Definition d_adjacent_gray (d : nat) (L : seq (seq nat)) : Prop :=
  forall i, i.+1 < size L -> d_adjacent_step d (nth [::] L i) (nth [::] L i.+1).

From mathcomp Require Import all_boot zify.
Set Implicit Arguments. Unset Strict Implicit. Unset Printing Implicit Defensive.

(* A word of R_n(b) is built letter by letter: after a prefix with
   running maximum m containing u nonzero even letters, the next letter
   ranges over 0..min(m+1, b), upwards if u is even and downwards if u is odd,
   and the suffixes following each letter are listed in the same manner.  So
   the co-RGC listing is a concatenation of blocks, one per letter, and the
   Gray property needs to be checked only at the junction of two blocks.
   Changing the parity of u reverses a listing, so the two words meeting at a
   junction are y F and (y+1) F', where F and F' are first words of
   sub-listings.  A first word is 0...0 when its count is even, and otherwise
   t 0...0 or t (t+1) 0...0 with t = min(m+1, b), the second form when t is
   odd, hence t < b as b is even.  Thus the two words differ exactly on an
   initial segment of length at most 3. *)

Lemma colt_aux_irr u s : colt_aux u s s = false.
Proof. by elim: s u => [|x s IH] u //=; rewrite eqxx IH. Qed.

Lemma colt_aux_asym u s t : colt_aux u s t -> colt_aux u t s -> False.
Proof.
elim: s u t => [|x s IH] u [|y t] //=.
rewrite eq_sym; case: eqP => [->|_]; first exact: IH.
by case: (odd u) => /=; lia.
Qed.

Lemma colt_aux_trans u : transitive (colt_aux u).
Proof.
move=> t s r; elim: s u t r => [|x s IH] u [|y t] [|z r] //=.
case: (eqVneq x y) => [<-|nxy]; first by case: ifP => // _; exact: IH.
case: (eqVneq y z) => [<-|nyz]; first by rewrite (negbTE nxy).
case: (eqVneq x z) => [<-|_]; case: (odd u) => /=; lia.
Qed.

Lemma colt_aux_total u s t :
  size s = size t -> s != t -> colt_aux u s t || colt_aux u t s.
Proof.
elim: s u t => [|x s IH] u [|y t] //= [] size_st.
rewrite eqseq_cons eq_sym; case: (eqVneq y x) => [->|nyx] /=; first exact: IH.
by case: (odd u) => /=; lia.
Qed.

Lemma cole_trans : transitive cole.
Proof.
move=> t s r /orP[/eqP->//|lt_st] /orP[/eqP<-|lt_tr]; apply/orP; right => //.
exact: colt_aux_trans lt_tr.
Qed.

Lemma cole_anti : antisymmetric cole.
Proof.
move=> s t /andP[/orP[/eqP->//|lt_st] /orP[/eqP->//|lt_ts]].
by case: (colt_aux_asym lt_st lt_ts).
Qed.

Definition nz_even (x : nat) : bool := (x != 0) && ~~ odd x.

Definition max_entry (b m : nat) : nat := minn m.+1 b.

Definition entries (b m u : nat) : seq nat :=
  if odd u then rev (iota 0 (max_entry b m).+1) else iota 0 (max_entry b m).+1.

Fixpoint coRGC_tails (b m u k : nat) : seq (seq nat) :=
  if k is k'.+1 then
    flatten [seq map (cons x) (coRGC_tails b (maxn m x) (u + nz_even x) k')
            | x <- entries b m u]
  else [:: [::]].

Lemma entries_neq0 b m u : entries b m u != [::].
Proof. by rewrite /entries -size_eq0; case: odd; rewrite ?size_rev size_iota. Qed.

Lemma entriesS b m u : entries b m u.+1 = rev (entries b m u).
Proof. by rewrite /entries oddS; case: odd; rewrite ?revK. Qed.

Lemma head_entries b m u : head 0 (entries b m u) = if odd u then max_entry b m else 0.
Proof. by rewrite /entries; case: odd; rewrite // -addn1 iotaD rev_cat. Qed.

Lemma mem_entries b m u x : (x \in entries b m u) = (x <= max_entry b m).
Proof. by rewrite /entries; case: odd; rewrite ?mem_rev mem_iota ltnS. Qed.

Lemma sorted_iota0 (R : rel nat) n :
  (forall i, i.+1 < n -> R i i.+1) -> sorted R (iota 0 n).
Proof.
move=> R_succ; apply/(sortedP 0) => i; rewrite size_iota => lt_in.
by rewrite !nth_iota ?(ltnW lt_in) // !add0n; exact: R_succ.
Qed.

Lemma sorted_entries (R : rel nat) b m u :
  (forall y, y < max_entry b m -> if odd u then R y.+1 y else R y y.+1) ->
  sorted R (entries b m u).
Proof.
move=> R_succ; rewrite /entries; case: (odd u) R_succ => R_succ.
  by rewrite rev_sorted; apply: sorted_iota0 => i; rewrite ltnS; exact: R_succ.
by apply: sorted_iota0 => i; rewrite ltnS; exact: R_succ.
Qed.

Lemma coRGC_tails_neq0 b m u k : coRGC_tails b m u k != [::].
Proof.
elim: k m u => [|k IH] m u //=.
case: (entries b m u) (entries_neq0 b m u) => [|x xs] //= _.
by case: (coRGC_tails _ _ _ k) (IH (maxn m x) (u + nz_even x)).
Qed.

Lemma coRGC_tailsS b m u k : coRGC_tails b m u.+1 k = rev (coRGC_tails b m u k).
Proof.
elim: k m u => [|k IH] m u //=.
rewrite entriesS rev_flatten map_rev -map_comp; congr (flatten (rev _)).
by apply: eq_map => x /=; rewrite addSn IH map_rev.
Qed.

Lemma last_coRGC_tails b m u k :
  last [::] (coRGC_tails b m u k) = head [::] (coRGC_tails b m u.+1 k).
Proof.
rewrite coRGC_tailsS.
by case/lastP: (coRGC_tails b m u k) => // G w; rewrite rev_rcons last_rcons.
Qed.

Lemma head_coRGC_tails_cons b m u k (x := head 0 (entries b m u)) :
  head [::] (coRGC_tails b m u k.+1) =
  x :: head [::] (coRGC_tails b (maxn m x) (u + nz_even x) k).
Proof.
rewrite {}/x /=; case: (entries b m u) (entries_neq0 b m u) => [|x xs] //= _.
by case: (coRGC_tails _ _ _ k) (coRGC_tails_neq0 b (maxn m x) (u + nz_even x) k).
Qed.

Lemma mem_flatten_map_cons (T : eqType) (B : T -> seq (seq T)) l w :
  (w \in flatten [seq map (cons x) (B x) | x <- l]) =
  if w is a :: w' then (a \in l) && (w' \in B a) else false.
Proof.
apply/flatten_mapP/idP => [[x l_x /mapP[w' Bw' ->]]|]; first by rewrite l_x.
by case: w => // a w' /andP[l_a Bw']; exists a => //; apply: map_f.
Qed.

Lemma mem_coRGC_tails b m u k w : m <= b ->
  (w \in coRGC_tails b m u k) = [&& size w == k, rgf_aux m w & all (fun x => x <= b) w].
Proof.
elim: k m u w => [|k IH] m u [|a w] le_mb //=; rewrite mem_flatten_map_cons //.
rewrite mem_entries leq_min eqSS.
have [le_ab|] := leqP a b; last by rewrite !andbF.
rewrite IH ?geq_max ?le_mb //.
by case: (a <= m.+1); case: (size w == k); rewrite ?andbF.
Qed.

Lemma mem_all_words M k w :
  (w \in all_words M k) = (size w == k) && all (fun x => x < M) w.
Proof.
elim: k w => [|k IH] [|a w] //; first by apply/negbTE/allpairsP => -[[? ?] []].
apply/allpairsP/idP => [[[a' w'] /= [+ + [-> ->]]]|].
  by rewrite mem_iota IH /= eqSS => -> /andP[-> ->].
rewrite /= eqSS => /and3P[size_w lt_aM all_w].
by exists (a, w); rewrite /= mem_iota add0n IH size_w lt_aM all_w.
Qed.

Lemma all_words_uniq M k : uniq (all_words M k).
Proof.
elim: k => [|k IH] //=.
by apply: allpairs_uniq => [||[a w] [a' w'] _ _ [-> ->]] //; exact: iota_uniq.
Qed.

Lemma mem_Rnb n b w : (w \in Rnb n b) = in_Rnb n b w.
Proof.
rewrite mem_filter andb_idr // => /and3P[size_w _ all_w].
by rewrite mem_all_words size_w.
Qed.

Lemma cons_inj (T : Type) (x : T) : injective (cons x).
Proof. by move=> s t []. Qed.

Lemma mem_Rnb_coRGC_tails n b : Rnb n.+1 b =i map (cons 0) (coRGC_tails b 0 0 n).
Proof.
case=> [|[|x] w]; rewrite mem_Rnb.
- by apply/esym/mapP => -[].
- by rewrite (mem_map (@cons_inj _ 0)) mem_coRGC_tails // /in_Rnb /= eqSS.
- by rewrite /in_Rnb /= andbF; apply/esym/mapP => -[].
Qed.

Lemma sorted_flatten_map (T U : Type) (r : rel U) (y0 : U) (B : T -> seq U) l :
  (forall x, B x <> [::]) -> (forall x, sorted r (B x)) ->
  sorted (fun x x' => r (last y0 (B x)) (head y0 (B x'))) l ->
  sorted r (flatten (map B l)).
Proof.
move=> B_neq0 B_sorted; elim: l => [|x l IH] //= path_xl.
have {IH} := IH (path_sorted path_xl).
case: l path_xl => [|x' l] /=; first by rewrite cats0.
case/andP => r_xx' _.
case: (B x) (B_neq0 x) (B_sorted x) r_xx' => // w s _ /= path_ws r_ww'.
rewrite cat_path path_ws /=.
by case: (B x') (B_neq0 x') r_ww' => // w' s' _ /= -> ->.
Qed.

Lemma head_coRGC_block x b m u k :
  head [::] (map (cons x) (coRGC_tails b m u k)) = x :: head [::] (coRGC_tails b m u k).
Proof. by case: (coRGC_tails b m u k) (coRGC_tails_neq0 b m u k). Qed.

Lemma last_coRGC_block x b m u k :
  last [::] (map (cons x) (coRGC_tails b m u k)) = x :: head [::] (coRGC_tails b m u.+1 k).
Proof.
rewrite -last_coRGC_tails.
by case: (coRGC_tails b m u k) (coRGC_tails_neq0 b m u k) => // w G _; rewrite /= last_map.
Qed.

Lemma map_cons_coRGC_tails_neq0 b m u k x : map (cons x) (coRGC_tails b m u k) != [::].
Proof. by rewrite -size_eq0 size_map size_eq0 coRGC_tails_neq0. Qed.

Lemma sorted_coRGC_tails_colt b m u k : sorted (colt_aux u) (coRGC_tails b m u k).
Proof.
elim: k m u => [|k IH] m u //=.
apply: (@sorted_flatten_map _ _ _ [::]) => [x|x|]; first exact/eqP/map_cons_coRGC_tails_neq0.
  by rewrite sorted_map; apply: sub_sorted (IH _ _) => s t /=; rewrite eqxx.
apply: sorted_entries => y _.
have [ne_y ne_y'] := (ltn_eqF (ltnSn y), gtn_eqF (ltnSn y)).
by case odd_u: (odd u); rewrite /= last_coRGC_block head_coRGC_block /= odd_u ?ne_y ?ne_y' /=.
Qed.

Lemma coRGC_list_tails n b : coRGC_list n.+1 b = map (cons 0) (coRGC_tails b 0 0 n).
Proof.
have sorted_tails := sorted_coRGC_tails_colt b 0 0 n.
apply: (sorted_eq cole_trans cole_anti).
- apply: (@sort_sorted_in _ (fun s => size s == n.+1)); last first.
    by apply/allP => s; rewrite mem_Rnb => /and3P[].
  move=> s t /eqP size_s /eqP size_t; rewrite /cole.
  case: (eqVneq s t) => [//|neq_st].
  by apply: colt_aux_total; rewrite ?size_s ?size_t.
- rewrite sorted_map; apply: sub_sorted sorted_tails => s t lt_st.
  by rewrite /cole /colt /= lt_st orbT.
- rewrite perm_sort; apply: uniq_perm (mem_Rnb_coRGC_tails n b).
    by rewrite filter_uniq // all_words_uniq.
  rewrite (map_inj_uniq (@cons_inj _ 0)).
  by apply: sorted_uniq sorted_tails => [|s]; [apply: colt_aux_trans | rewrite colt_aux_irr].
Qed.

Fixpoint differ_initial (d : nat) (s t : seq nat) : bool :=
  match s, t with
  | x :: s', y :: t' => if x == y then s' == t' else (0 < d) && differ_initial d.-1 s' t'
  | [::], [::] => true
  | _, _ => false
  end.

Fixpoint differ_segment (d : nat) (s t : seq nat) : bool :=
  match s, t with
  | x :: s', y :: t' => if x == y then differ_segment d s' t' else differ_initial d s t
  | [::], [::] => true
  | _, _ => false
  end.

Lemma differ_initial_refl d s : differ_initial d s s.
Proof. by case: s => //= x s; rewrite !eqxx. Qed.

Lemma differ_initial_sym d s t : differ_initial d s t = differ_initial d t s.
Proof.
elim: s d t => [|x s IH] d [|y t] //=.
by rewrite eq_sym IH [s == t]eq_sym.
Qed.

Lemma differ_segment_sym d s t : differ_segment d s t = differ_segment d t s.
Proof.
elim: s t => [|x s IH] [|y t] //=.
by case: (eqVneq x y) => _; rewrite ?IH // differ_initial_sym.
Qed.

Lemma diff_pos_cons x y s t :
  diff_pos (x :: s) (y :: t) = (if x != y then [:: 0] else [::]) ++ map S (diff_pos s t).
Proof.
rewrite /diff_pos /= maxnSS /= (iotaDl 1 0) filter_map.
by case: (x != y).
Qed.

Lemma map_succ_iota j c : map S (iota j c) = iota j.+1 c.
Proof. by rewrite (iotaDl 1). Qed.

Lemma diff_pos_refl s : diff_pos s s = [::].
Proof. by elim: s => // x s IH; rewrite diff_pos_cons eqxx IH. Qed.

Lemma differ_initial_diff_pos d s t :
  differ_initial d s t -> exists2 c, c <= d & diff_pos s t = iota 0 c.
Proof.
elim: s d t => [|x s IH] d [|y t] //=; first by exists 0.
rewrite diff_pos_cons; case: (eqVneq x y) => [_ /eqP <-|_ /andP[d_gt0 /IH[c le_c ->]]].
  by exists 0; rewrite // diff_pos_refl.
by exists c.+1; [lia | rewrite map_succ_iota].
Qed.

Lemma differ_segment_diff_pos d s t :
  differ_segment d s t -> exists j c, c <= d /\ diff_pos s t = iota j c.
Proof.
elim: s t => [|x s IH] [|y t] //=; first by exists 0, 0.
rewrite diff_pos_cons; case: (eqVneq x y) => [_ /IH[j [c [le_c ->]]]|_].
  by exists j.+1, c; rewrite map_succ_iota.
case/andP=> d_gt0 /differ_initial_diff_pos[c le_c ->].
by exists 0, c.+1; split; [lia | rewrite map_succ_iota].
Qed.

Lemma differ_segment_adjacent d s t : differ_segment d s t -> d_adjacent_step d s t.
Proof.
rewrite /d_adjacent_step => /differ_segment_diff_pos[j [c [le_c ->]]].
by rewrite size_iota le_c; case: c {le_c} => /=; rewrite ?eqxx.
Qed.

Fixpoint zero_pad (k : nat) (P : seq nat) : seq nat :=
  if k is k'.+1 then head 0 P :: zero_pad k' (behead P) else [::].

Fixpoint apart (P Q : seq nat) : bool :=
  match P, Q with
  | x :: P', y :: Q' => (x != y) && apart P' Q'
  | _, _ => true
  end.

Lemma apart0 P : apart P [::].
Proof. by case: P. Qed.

++++++

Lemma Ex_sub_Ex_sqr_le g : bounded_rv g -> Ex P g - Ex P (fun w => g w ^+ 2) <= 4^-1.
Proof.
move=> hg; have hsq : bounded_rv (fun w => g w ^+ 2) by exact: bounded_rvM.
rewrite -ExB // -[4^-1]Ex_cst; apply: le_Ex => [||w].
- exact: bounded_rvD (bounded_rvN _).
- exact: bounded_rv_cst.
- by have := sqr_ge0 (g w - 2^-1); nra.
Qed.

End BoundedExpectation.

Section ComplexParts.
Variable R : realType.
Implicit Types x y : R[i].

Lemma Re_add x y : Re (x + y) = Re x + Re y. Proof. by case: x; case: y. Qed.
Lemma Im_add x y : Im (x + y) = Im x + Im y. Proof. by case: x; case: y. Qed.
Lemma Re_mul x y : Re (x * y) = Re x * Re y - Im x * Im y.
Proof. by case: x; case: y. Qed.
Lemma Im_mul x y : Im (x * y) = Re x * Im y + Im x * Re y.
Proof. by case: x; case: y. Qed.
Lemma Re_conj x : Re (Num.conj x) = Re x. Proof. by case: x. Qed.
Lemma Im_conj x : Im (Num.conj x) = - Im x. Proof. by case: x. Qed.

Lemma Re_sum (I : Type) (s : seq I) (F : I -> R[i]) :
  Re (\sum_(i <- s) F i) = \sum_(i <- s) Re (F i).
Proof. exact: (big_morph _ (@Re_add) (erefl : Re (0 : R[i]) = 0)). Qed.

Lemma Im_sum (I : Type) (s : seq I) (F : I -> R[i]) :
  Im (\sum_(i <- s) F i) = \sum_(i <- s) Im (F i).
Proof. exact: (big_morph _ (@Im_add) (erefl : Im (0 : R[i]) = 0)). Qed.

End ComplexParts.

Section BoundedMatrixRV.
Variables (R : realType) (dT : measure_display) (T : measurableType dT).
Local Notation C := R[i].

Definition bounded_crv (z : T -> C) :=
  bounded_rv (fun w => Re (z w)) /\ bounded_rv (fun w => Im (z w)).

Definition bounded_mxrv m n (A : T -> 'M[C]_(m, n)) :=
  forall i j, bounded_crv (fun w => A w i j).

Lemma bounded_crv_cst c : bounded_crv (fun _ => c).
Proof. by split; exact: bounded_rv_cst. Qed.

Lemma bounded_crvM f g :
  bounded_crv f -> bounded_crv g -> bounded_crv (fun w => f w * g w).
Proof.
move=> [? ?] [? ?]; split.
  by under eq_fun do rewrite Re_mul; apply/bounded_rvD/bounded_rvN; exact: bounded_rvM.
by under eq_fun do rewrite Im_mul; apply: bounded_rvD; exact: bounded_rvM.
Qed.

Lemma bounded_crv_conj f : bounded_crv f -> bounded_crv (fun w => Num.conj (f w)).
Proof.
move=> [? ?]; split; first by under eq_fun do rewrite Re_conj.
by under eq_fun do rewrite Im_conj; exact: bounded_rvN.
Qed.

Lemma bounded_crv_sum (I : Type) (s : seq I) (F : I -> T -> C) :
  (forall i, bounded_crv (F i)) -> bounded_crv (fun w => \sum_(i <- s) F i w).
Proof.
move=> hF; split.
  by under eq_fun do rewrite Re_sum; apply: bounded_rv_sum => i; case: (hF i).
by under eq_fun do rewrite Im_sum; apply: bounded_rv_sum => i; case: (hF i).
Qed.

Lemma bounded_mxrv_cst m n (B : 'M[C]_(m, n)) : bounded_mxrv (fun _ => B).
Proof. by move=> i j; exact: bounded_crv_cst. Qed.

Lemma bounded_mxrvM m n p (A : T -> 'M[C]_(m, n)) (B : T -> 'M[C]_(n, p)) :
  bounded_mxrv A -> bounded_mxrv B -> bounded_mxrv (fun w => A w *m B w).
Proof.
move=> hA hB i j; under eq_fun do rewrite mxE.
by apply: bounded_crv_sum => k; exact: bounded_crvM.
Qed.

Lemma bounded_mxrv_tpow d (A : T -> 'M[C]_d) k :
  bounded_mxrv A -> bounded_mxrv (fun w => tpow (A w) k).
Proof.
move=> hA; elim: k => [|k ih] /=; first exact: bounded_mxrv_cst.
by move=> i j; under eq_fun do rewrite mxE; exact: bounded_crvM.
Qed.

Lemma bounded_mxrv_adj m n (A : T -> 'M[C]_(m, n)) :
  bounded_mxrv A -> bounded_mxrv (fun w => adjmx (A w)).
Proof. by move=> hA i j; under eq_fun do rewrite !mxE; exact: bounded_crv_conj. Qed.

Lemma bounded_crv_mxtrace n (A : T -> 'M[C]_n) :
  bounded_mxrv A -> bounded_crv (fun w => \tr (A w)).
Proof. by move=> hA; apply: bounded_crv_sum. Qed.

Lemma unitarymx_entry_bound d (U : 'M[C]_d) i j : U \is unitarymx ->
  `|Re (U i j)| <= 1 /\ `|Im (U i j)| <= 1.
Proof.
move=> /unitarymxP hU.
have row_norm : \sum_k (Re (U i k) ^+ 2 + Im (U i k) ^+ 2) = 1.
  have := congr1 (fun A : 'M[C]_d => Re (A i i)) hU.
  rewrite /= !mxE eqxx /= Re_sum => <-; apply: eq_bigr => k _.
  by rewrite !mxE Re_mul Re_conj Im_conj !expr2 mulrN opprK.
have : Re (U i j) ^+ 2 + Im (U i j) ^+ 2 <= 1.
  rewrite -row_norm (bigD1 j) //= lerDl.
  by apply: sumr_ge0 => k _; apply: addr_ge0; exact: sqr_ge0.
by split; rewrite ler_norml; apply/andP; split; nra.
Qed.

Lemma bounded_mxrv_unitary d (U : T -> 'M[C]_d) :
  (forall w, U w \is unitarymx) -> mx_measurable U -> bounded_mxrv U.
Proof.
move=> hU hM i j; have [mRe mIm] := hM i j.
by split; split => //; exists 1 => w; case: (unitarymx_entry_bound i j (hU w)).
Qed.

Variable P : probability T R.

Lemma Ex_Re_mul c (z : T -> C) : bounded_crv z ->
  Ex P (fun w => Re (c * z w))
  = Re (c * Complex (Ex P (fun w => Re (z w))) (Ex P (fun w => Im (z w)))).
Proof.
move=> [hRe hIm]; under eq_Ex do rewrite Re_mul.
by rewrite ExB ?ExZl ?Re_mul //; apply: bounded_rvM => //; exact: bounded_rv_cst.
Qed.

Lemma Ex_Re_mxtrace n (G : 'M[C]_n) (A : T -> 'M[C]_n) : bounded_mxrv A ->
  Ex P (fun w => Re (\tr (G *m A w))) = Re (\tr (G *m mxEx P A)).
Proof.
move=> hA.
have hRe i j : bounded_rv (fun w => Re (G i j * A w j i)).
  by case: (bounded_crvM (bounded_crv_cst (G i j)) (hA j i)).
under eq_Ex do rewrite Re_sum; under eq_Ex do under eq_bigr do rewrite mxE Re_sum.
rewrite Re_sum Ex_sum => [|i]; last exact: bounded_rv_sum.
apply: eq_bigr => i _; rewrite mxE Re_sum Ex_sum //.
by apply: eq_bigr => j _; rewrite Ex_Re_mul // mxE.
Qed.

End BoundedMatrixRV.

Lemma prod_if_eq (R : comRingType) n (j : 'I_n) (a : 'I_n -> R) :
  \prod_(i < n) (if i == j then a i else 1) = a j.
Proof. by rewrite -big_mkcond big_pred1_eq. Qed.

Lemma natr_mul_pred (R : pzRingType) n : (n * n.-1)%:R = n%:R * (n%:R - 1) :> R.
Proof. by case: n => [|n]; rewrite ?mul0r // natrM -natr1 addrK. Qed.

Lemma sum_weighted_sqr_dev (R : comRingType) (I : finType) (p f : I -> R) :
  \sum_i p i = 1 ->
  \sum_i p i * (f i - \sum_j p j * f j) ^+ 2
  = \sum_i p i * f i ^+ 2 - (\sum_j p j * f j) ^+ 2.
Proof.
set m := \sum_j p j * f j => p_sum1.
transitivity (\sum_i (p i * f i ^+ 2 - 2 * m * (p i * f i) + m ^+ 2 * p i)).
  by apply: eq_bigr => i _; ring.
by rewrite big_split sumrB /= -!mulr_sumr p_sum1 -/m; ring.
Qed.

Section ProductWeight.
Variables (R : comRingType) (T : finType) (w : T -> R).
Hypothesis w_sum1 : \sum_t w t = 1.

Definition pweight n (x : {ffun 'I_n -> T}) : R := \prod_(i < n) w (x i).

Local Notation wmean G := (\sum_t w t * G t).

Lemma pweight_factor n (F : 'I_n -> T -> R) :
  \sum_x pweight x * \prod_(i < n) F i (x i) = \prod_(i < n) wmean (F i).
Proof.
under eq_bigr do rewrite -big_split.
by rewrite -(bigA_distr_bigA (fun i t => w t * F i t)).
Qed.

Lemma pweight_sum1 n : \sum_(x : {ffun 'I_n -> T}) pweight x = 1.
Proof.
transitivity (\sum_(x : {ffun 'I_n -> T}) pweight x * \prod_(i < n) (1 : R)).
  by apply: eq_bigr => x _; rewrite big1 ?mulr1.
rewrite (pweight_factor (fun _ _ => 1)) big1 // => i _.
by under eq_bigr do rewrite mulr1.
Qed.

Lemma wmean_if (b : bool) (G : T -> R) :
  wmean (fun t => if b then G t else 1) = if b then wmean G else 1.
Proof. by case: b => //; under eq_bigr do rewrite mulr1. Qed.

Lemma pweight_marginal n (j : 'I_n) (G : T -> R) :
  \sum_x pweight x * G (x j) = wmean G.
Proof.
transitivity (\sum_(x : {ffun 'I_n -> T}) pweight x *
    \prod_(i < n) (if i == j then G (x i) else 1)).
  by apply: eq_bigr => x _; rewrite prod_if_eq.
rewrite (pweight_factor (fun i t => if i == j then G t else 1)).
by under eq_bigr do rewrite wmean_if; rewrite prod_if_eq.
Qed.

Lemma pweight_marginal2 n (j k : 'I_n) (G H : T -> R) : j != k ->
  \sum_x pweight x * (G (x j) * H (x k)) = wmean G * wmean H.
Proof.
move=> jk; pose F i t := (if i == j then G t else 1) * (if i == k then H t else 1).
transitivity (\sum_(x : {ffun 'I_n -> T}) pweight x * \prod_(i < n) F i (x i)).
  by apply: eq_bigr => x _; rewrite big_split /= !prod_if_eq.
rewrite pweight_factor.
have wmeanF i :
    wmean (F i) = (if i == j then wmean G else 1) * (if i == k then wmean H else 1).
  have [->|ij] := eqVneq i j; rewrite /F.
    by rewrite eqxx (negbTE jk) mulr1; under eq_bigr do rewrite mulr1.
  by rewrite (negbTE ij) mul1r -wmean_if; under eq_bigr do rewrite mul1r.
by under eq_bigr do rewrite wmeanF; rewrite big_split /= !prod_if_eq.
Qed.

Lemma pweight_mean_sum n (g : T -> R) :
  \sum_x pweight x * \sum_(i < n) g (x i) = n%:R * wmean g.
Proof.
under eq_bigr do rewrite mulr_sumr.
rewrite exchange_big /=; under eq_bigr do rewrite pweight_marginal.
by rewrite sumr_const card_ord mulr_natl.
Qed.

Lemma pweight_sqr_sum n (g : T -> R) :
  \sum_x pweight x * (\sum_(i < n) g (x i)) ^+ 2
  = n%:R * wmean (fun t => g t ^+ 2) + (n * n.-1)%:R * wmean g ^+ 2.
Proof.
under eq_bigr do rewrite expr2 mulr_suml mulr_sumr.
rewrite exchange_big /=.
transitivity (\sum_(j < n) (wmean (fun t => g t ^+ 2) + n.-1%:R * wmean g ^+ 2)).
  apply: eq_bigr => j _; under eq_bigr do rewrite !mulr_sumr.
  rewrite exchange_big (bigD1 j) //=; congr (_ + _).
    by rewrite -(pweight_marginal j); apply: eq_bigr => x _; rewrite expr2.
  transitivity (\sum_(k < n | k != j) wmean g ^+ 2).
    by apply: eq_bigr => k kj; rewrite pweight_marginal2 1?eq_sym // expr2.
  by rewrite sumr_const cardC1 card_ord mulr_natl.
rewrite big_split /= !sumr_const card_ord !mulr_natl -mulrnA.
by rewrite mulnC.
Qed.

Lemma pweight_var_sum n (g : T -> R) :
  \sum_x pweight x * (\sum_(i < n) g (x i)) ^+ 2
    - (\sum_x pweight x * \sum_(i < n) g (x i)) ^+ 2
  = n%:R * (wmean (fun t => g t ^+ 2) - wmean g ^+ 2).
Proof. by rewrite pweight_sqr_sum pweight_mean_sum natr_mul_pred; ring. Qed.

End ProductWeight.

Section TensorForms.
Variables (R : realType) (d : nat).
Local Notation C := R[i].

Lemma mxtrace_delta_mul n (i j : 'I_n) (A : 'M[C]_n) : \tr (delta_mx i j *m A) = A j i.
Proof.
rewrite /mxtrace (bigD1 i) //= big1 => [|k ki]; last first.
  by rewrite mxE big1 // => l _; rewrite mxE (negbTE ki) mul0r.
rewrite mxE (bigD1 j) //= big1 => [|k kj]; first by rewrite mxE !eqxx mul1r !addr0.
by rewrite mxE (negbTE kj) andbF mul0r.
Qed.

++++++

Output should match, line for line, the stretch of the material above from the line holding "have [le_ab|] := leqP" through the line holding "rewrite -last_coRGC_tails.".

Result below
have [le_ab|] := leqP a b; last by rewrite !andbF.
rewrite IH ?geq_max ?le_mb //.
by case: (a <= m.+1); case: (size w == k); rewrite ?andbF.
Qed.

Lemma mem_all_words M k w :
  (w \in all_words M k) = (size w == k) && all (fun x => x < M) w.
Proof.
elim: k w => [|k IH] [|a w] //; first by apply/negbTE/allpairsP => -[[? ?] []].
apply/allpairsP/idP => [[[a' w'] /= [+ + [-> ->]]]|].
  by rewrite mem_iota IH /= eqSS => -> /andP[-> ->].
rewrite /= eqSS => /and3P[size_w lt_aM all_w].
by exists (a, w); rewrite /= mem_iota add0n IH size_w lt_aM all_w.
Qed.

Lemma all_words_uniq M k : uniq (all_words M k).
Proof.
elim: k => [|k IH] //=.
by apply: allpairs_uniq => [||[a w] [a' w'] _ _ [-> ->]] //; exact: iota_uniq.
Qed.

Lemma mem_Rnb n b w : (w \in Rnb n b) = in_Rnb n b w.
Proof.
rewrite mem_filter andb_idr // => /and3P[size_w _ all_w].
by rewrite mem_all_words size_w.
Qed.

Lemma cons_inj (T : Type) (x : T) : injective (cons x).
Proof. by move=> s t []. Qed.

Lemma mem_Rnb_coRGC_tails n b : Rnb n.+1 b =i map (cons 0) (coRGC_tails b 0 0 n).
Proof.
case=> [|[|x] w]; rewrite mem_Rnb.
- by apply/esym/mapP => -[].
- by rewrite (mem_map (@cons_inj _ 0)) mem_coRGC_tails // /in_Rnb /= eqSS.
- by rewrite /in_Rnb /= andbF; apply/esym/mapP => -[].
Qed.

Lemma sorted_flatten_map (T U : Type) (r : rel U) (y0 : U) (B : T -> seq U) l :
  (forall x, B x <> [::]) -> (forall x, sorted r (B x)) ->
  sorted (fun x x' => r (last y0 (B x)) (head y0 (B x'))) l ->
  sorted r (flatten (map B l)).
Proof.
move=> B_neq0 B_sorted; elim: l => [|x l IH] //= path_xl.
have {IH} := IH (path_sorted path_xl).
case: l path_xl => [|x' l] /=; first by rewrite cats0.
case/andP => r_xx' _.
case: (B x) (B_neq0 x) (B_sorted x) r_xx' => // w s _ /= path_ws r_ww'.
rewrite cat_path path_ws /=.
by case: (B x') (B_neq0 x') r_ww' => // w' s' _ /= -> ->.
Qed.

Lemma head_coRGC_block x b m u k :
  head [::] (map (cons x) (coRGC_tails b m u k)) = x :: head [::] (coRGC_tails b m u k).
Proof. by case: (coRGC_tails b m u k) (coRGC_tails_neq0 b m u k). Qed.

Lemma last_coRGC_block x b m u k :
  last [::] (map (cons x) (coRGC_tails b m u k)) = x :: head [::] (coRGC_tails b m u.+1 k).
Proof.
rewrite -last_coRGC_tails.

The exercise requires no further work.